On the first Sunday after he became a Georgia senator, Rev Raphael Warnock described his election and the changing scene at the US Capitol – from insurrection to inauguration – as forms of divine messaging.
“Can I just close this sermon by telling you that this very week, in the very place where we saw the ugliness and the nastiness, I believe I heard just some subtle echoes of the spirit, which suggest to me that the wind of the spirit is moving across the land?” said Warnock, preaching in a prerecorded message on 24th January from the sanctuary of Atlanta’s historic Ebenezer Baptist Church to a virtual congregation.
Rev Raphael Warnock preaches at Ebenezer Baptist Church, on Sunday, 24th January, in Atlanta. PICTURE: Video screengrab
The sermon came four days after he was sworn in holding a Bible he had received in 2005 when he became senior pastor of the church where Rev Martin Luther King, Jr, was once co-pastor.
Through most of his half-hour sermon, the camera focused on Warnock in his pulpit but, near the end, as he spoke of the events in Washington in recent days, news footage appeared of the mob storming the US Capitol, the swearing-in of Vice President Kamala Harris and the inaugural speech of President Joe Biden.
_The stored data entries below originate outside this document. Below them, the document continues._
Lemma expect_le_bound (S : finType) (p f : S -> R) (c : R) :
  is_dist p -> (forall s, f s <= c) -> expect p f <= c.
Proof.
move=> [p0 p1] fc; rewrite -[c]mul1r -p1 mulr_suml.
by apply: ler_sum => s _; rewrite ler_wpM2l.
Qed.

Lemma ler_expect (S : finType) (p f g : S -> R) :
  is_dist p -> (forall s, f s <= g s) -> expect p f <= expect p g.
Proof. by move=> [p0 _] fg; apply: ler_sum => s _; rewrite ler_wpM2l. Qed.

Lemma expect_cst1 (S : finType) (p : S -> R) : is_dist p -> expect p (fun _ => 1) = 1.
Proof. by move=> [_ p1]; rewrite /expect; under eq_bigr do rewrite mulr1. Qed.

Lemma robust_ball_refl (S : finType) (rho : R) (p : S -> R) :
  0 <= rho -> is_dist p -> robust_ball rho p p.
Proof.
move=> rho0 pd; split=> //.
by rewrite /TVdist big1 ?mulr0 // => s _; rewrite subrr normr0.
Qed.

Lemma robust_ball_mix (S : finType) (rho : R) (p : S -> R) (z : S) :
  0 <= rho <= 1 -> is_dist p ->
  robust_ball rho p (fun s => (1 - rho) * p s + rho * (if s == z then 1 else 0)).
Proof.
move=> /andP[rho0 rho1] pd; have [p0 p1] := pd; have [dz0 dz1] := is_dist_if_eq z.
split; first split.
- by move=> s; rewrite addr_ge0 ?mulr_ge0 ?subr_ge0.
- by rewrite big_split /= -!mulr_sumr p1 dz1 !mulr1 subrK.
rewrite /TVdist.
have diffE s : (1 - rho) * p s + rho * (if s == z then 1 else 0) - p s
  = rho * ((if s == z then 1 else 0) - p s).
  by case: (s == z); ring.
under eq_bigr => s _ do rewrite diffE normrM ger0_norm //.
rewrite -mulr_sumr mulrCA ler_piMr // mulrC ler_pdivrMr // mul1r.
rewrite -[2]/(1 + 1) -[in X in _ <= X + _]dz1 -[in X in _ <= _ + X]p1 -big_split.
by apply: ler_sum => s _; rewrite (le_trans (ler_normB _ _)) // !ger0_norm.
Qed.

Lemma expect_mix (S : finType) (c : R) (p f : S -> R) (z : S) :
  expect (fun s => (1 - c) * p s + c * (if s == z then 1 else 0)) f
  = (1 - c) * expect p f + c * f z.
Proof.
rewrite /expect; under eq_bigr => s _ do rewrite mulrDl -!mulrA.
by rewrite big_split /= -!mulr_sumr sum_if_eq_mul.
Qed.

Lemma variance_le_shift (S : finType) (p f : S -> R) (v r M : R) :
  0 <= r <= 1 -> 0 <= v <= M -> expect p f = v - r ->
  variance p f <= expect p (fun s => f s ^+ 2) - v ^+ 2 + 2 * M.
Proof.
move=> /andP[r0 r1] /andP[v0 vM] Ef; rewrite /variance Ef.
have rv : r * v <= v by rewrite ler_piMl.
nra.
Qed.

End Distributions.

Section Occupancy.
Variables (R : realType) (S A : finType) (T : kernel R S A) (d : nat -> S -> A) (s1 : S).

Lemma expect_occS n f : expect (occ T d s1 n.+1) f
  = expect (occ T d s1 n) (fun s => expect (T n.+1 s (d n.+1 s)) f).
Proof.
rewrite /expect /=; under eq_bigr => s' _ do rewrite mulr_suml.
rewrite exchange_big /=; apply: eq_bigr => s _; rewrite mulr_sumr.
by apply: eq_bigr => s' _; rewrite mulrA.
Qed.

Lemma occ_is_dist (H n : nat) :
  (forall h s a, (1 <= h <= H)%N -> is_dist (T h s a)) -> (n <= H)%N ->
  is_dist (occ T d s1 n).
Proof.
move=> Td; elim: n => [|n IH] nH; first exact: is_dist_if_eq.
have occd := IH (ltnW nH).
have Tnd s : is_dist (T n.+1 s (d n.+1 s)) by apply: Td; lia.
split=> [s'|].
  by apply: sumr_ge0 => s _; rewrite mulr_ge0 ?occd.1 ?(Tnd s).1.
transitivity (expect (occ T d s1 n.+1) (fun _ => 1)).
  by rewrite /expect; under [RHS]eq_bigr do rewrite mulr1.
rewrite expect_occS -[RHS](expect_cst1 occd); apply: eq_bigr => s _.
by rewrite (expect_cst1 (Tnd s)).
Qed.

End Occupancy.

Section RobustValue.
Variables (R : realType) (S A : finType) (H : nat) (rho : R).
Variables (Pstar : kernel R S A) (Rw : nat -> S -> A -> R).
Hypothesis rho_ge0 : 0 <= rho.
Hypothesis Pstar_dist : forall h s a, (1 <= h <= H)%N -> is_dist (Pstar h s a).
Hypothesis Rw_bound : forall h s a, (1 <= h <= H)%N -> 0 <= Rw h s a <= 1.

Definition admissible (h : nat) (P : kernel R S A) :=
  forall i s a, (h <= i <= H)%N -> robust_ball rho (Pstar i s a) (P i s a).

Lemma admissibleS h P : admissible h P -> admissible h.+1 P.
Proof. by move=> hP i s a hi; apply: hP; lia. Qed.

Lemma admissible_Pstar h : (1 <= h)%N -> admissible h Pstar.
Proof. by move=> h1 i s a hi; apply: robust_ball_refl => //; apply: Pstar_dist; lia. Qed.

Lemma eval_aux_bounds pi P k h s :
  markov_policy H pi -> (1 <= h)%N -> (h + k <= H.+1)%N -> admissible h P ->
  0 <= eval_aux Rw pi P k h s <= k%:R.
Proof.
move=> pid; elim: k h s => [|k IH] h s h1 hk hP /=; first by rewrite lexx.
have hH : (1 <= h <= H)%N by lia.
set F := fun a => Rw h s a + expect (P h s a) (eval_aux Rw pi P k h.+1).
have F_bound a : 0 <= F a <= k.+1%:R.
  have /andP[r0 r1] := Rw_bound s a hH.
  have Pd : is_dist (P h s a) by have [] := hP h s a (ltac:(lia)).
  have IHs s' := IH h.+1 s' isT (ltac:(lia)) (admissibleS hP).
  have E0 : 0 <= expect (P h s a) (eval_aux Rw pi P k h.+1).
    by apply: expect_ge0 => // s'; case/andP: (IHs s').
  have Ek : expect (P h s a) (eval_aux Rw pi P k h.+1) <= k%:R.
    by apply: expect_le_bound => // s'; case/andP: (IHs s').
  by rewrite /F -natr1; apply/andP; split; lra.
change (0 <= expect (pi h s) F <= k.+1%:R).
have pi_d := pid h s hH.
by rewrite expect_ge0 ?expect_le_bound // => a; case/andP: (F_bound a).
Qed.

Lemma value_bounds pi P h s :
  markov_policy H pi -> (1 <= h <= H.+1)%N -> admissible h P ->
  0 <= value H Rw pi P h s <= (H.+1 - h)%:R.
Proof. by move=> pid hh hP; apply: eval_aux_bounds => //; lia. Qed.

Lemma value_end pi P s : value H Rw pi P H.+1 s = 0.
Proof. by rewrite /value subnn. Qed.

Lemma robust_value_le_value pi P h s :
  markov_policy H pi -> (1 <= h <= H.+1)%N -> admissible h P ->
  robust_value H rho Pstar Rw pi h s <= value H Rw pi P h s.
Proof.
move=> pid hh hP; apply: ge_inf; last by exists P.
by exists 0 => _ [P' [hP' ->]]; case/andP: (value_bounds s pid hh hP').
Qed.

Lemma robust_value_ge0 pi h s :
  markov_policy H pi -> (1 <= h <= H.+1)%N -> 0 <= robust_value H rho Pstar Rw pi h s.
Proof.
move=> pid hh; apply: lb_le_inf.
  by exists (value H Rw pi Pstar h s), Pstar; split => //; apply: admissible_Pstar; lia.
by move=> _ [P [hP ->]]; case/andP: (value_bounds s pid hh hP).
Qed.

Lemma robust_value_bounds pi h s :
  markov_policy H pi -> (1 <= h <= H.+1)%N ->
  0 <= robust_value H rho Pstar Rw pi h s <= (H.+1 - h)%:R.
Proof.
move=> pid hh; rewrite robust_value_ge0 //=.
have hP : admissible h Pstar by apply: admissible_Pstar; lia.
apply: le_trans (robust_value_le_value s pid hh hP) _.
by case/andP: (value_bounds s pid hh hP).
Qed.

Lemma robust_value_end pi s :
  markov_policy H pi -> robust_value H rho Pstar Rw pi H.+1 s = 0.
Proof.
move=> pid; have := robust_value_bounds s pid (ltac:(lia) : (1 <= H.+1 <= H.+1)%N).
by rewrite subnn => /andP[V0 V_le]; apply/le_anti; rewrite V0 V_le.
Qed.

Lemma robust_value_le_optimal pi s :
  markov_policy H pi -> robust_value H rho Pstar Rw pi 1 s <= optimal_value H rho Pstar Rw 1 s.
Proof.
move=> pid; apply: ub_le_sup; last by exists pi.
exists H%:R => _ [pi' [pid' ->]].
by have /andP[_] := robust_value_bounds s pid' (ltac:(lia) : (1 <= 1 <= H.+1)%N); rewrite subn1.
Qed.

Lemma det_policy_markov (d : nat -> S -> A) : markov_policy H (det_policy R d).
Proof. by move=> h s _; apply: is_dist_if_eq. Qed.

Lemma value_det_rec d P h s : (h <= H)%N ->
  value H Rw (det_policy R d) P h s
  = Rw h s (d h s) + expect (P h s (d h s)) (value H Rw (det_policy R d) P h.+1).
Proof. by move=> hH; rewrite /value subSn //= subSS; apply: sum_if_eq_mul. Qed.

Section ArgminKernel.
Variables (d : nat -> S -> A) (Tt : kernel R S A) (s1 : S).
Hypothesis rho_lt1 : rho < 1.

Local Notation pi := (det_policy R d).
Local Notation V := (robust_value H rho Pstar Rw pi).
Let pid : markov_policy H pi := det_policy_markov d.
“I hear the sound of the first woman vice president, who is also the first African American vice president, who’s also the first Asian American vice president, speak her version of our grand American story,” he said, before speaking of himself in the third person, along with fellow new senators Jon Ossoff of Georgia and Alex Padilla of California.
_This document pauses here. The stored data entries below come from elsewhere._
(* Let $p$ be a ProbNetKAT program, $S=\mathcal{S}[\![p]\!]$ and $U$ as in the context. For all $a,b,b'\subseteq\mathsf{Pk}$, \[ \lim_{n\to\infty}\sum_{a'\subseteq\mathsf{Pk}} (S^n)_{(a,b),(a',b')} = (SU)^\infty_{(a,b),(\emptyset,b')}, \] where $(SU)^\infty:=\lim_{n\to\infty}(SU)^n$. In particular the limit on the left exists, and it can be computed exactly in closed form: writing $SU=\begin{bmatrix} I & 0\\ R & Q\end{bmatrix}$ with the absorbing states $(\emptyset,c)$ listed first, $(SU)^\infty=\begin{bmatrix} I & 0\\ (I-Q)^{-1}R & 0\end{bmatrix}$, a matrix with rational entries.
   Context: $\mathsf{Pk}$ is a finite set of packets; $[\varphi]$ is the Iverson bracket. For a ProbNetKAT program $p$ (with rational choice probabilities), $\mathcal{B}[\![p]\!]\in[0,1]^{2^{\mathsf{Pk}}\times 2^{\mathsf{Pk}}}$ is its stochastic matrix semantics ($\mathcal{B}[\![p]\!]_{ab}$ = probability of output set $b$ on input set $a$). The small-step matrix on states $(a,b)\in 2^{\mathsf{Pk}}\times 2^{\mathsf{Pk}}$ is $S_{(a,b),(a',b')}=[b'=b\cup a]\,\mathcal{B}[\![p]\!]_{a,a'}$. A state $(a,b)$ is saturated if whenever $(S^n)_{(a,b),(a',b')}>0$ for some $n\ge0$ we have $b'=b$. $U_{(a,b),(a',b')}=[b'=b][a'=\emptyset]$ if $(a,b)$ is saturated, and $[b'=b][a'=a]$ otherwise. In the block decomposition, $R$ gives transition probabilities from the non-absorbing (transient) states to the absorbing states and $Q$ those between transient states. *)

From HB Require Import structures.
From mathcomp Require Import all_boot all_order all_algebra.
From mathcomp Require Import all_classical all_reals all_analysis.
Set Implicit Arguments. Unset Strict Implicit. Unset Printing Implicit Defensive.
Import Order.TTheory GRing.Theory Num.Theory.
Import numFieldNormedType.Exports.
Local Open Scope ring_scope.
Local Open Scope classical_set_scope.

Section FMx.
Variables (T : finType) (R : pzRingType).
Definition fmx := T -> T -> R.
Definition fid : fmx := fun i j => (i == j)%:R.
Definition fmul (A B : fmx) : fmx := fun i j => \sum_(k : T) A i k * B k j.
Definition fpow (A : fmx) (n : nat) : fmx := iter n (fmul A) fid.
End FMx.

Definition state (Pk : finType) := ({set Pk} * {set Pk})%type.

Section Chain.
Variables (Pk : finType) (R : realType).
Variable B : {set Pk} -> {set Pk} -> R. (* big-step matrix B[[p]] *)

Definition smallstep : fmx (state Pk) R :=
  fun s t => (t.2 == s.2 :|: s.1)%:R * B s.1 t.1.

Definition saturated (s : state Pk) : Prop :=
  forall (n : nat) (t : state Pk), 0 < fpow smallstep n s t -> t.2 = s.2.

Definition Umx : fmx (state Pk) R :=
  fun s t => if `[< saturated s >]
             then ((t.2 == s.2) && (t.1 == finset.set0))%:R
             else ((t.2 == s.2) && (t.1 == s.1))%:R.

(* absorbing states of SU are the (∅,c) *)
Definition absorbing (s : state Pk) : bool := s.1 == finset.set0.

Definition SUinf : fmx (state Pk) R :=
  fun s t => lim ((fun n : nat => (fpow (fmul smallstep Umx) n s t : R)) @ \oo).
End Chain.

(* As the b-component never changes along an
   S-path from a saturated state, S^n and (SU)^n have the same b-marginals.

   Write SU = Q + D, where Q is SU between transient states and D collects the
   transitions into absorbing states.  Absorbing rows of SU are identity rows,
   so (SU)^(n+1) = Q (SU)^n + D, and (SU)^n converges to (I - Q)^-1 D as soon as
   Q^n -> 0.  For substochastic Q this can only fail if some nonempty set X is
   closed (the Q-rows of X sum to 1 and stay in X): the states where the
   limiting row sum of Q^n is maximal and positive would form such a set.  Here
   no such X exists: an element of X with maximal b-component is saturated,
   since S-successors stay in X and only enlarge b; but then its successors are
   collapsed to absorbing states, which X avoids.

   The limit is rational because (I - Q)^-1 inverts a rational matrix. *)

From HB Require Import structures.
From mathcomp Require Import all_boot all_order all_algebra.
From mathcomp Require Import all_classical all_reals all_analysis.
Import Order.TTheory GRing.Theory Num.Theory.
Import numFieldNormedType.Exports.
Local Open Scope ring_scope.
Local Open Scope classical_set_scope.
Set Implicit Arguments. Unset Strict Implicit. Unset Printing Implicit Defensive.

Section FmxAlgebra.
Variables (T : finType) (R : pzRingType).

Lemma sum_delta_l (s : T) (f : T -> R) : \sum_t (s == t)%:R * f t = f s.
Proof.
rewrite (bigD1 s) //= eqxx mul1r big1 ?addr0 // => t ts.
by rewrite eq_sym (negbTE ts) mul0r.
Qed.

Lemma sum_delta_r (s : T) (f : T -> R) : \sum_t f t * (t == s)%:R = f s.
Proof.
rewrite (bigD1 s) //= eqxx mulr1 big1 ?addr0 // => t ts.
by rewrite (negbTE ts) mulr0.
Qed.

Lemma fpowSE (A : fmx T R) n s t :
  fpow A n.+1 s t = \sum_k A s k * fpow A n k t.
Proof. by []. Qed.

Lemma fmulf1 (A : fmx T R) : fmul A (fid R) = A.
Proof. by apply/funext => s; apply/funext => t; exact: sum_delta_r. Qed.

End FmxAlgebra.

Section NonnegativeFmx.
Variables (T : finType) (R : numDomainType) (A : fmx T R).
Hypothesis A_ge0 : forall s t, 0 <= A s t.

Lemma fpow_ge0 n s t : 0 <= fpow A n s t.
Proof.
elim: n s t => [|n IHn] s t; first exact: ler0n.
by apply: sumr_ge0 => k _; rewrite mulr_ge0.
Qed.

Lemma fpowS_ge n s u t : A s u * fpow A n u t <= fpow A n.+1 s t.
Proof.
rewrite [leRHS](bigD1 u) //= lerDl sumr_ge0 // => k _.
by rewrite mulr_ge0 ?fpow_ge0.
Qed.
“Then I heard her swear in Georgia’s first Jewish senator and Georgia’s first Black senator and California’s first Latino senator. I heard a mighty, multi-racial coalition rise up and say this is what the kingdom of God is all about. This is what God has been trying to tell you all the time.”
Warnock, one of a number of members of Congress who have simultaneously led congregations and served at the Capitol, titled the sermon for his church’s 9am and 11am services “On Making Your Next Move.”
Early in the service, without specifically stating the words “senator” or “election,” he expressed his appreciation to those watching for their recent encouragement.
“I want to thank you for all of your support, for all of your love, for all the ways in which I have felt the power and encouragement of the saints over the last several months for me and my family,” he said. “We are the family of God. We are the Ebenezer Baptist Church. Now let’s worship God from whom all blessings flow.”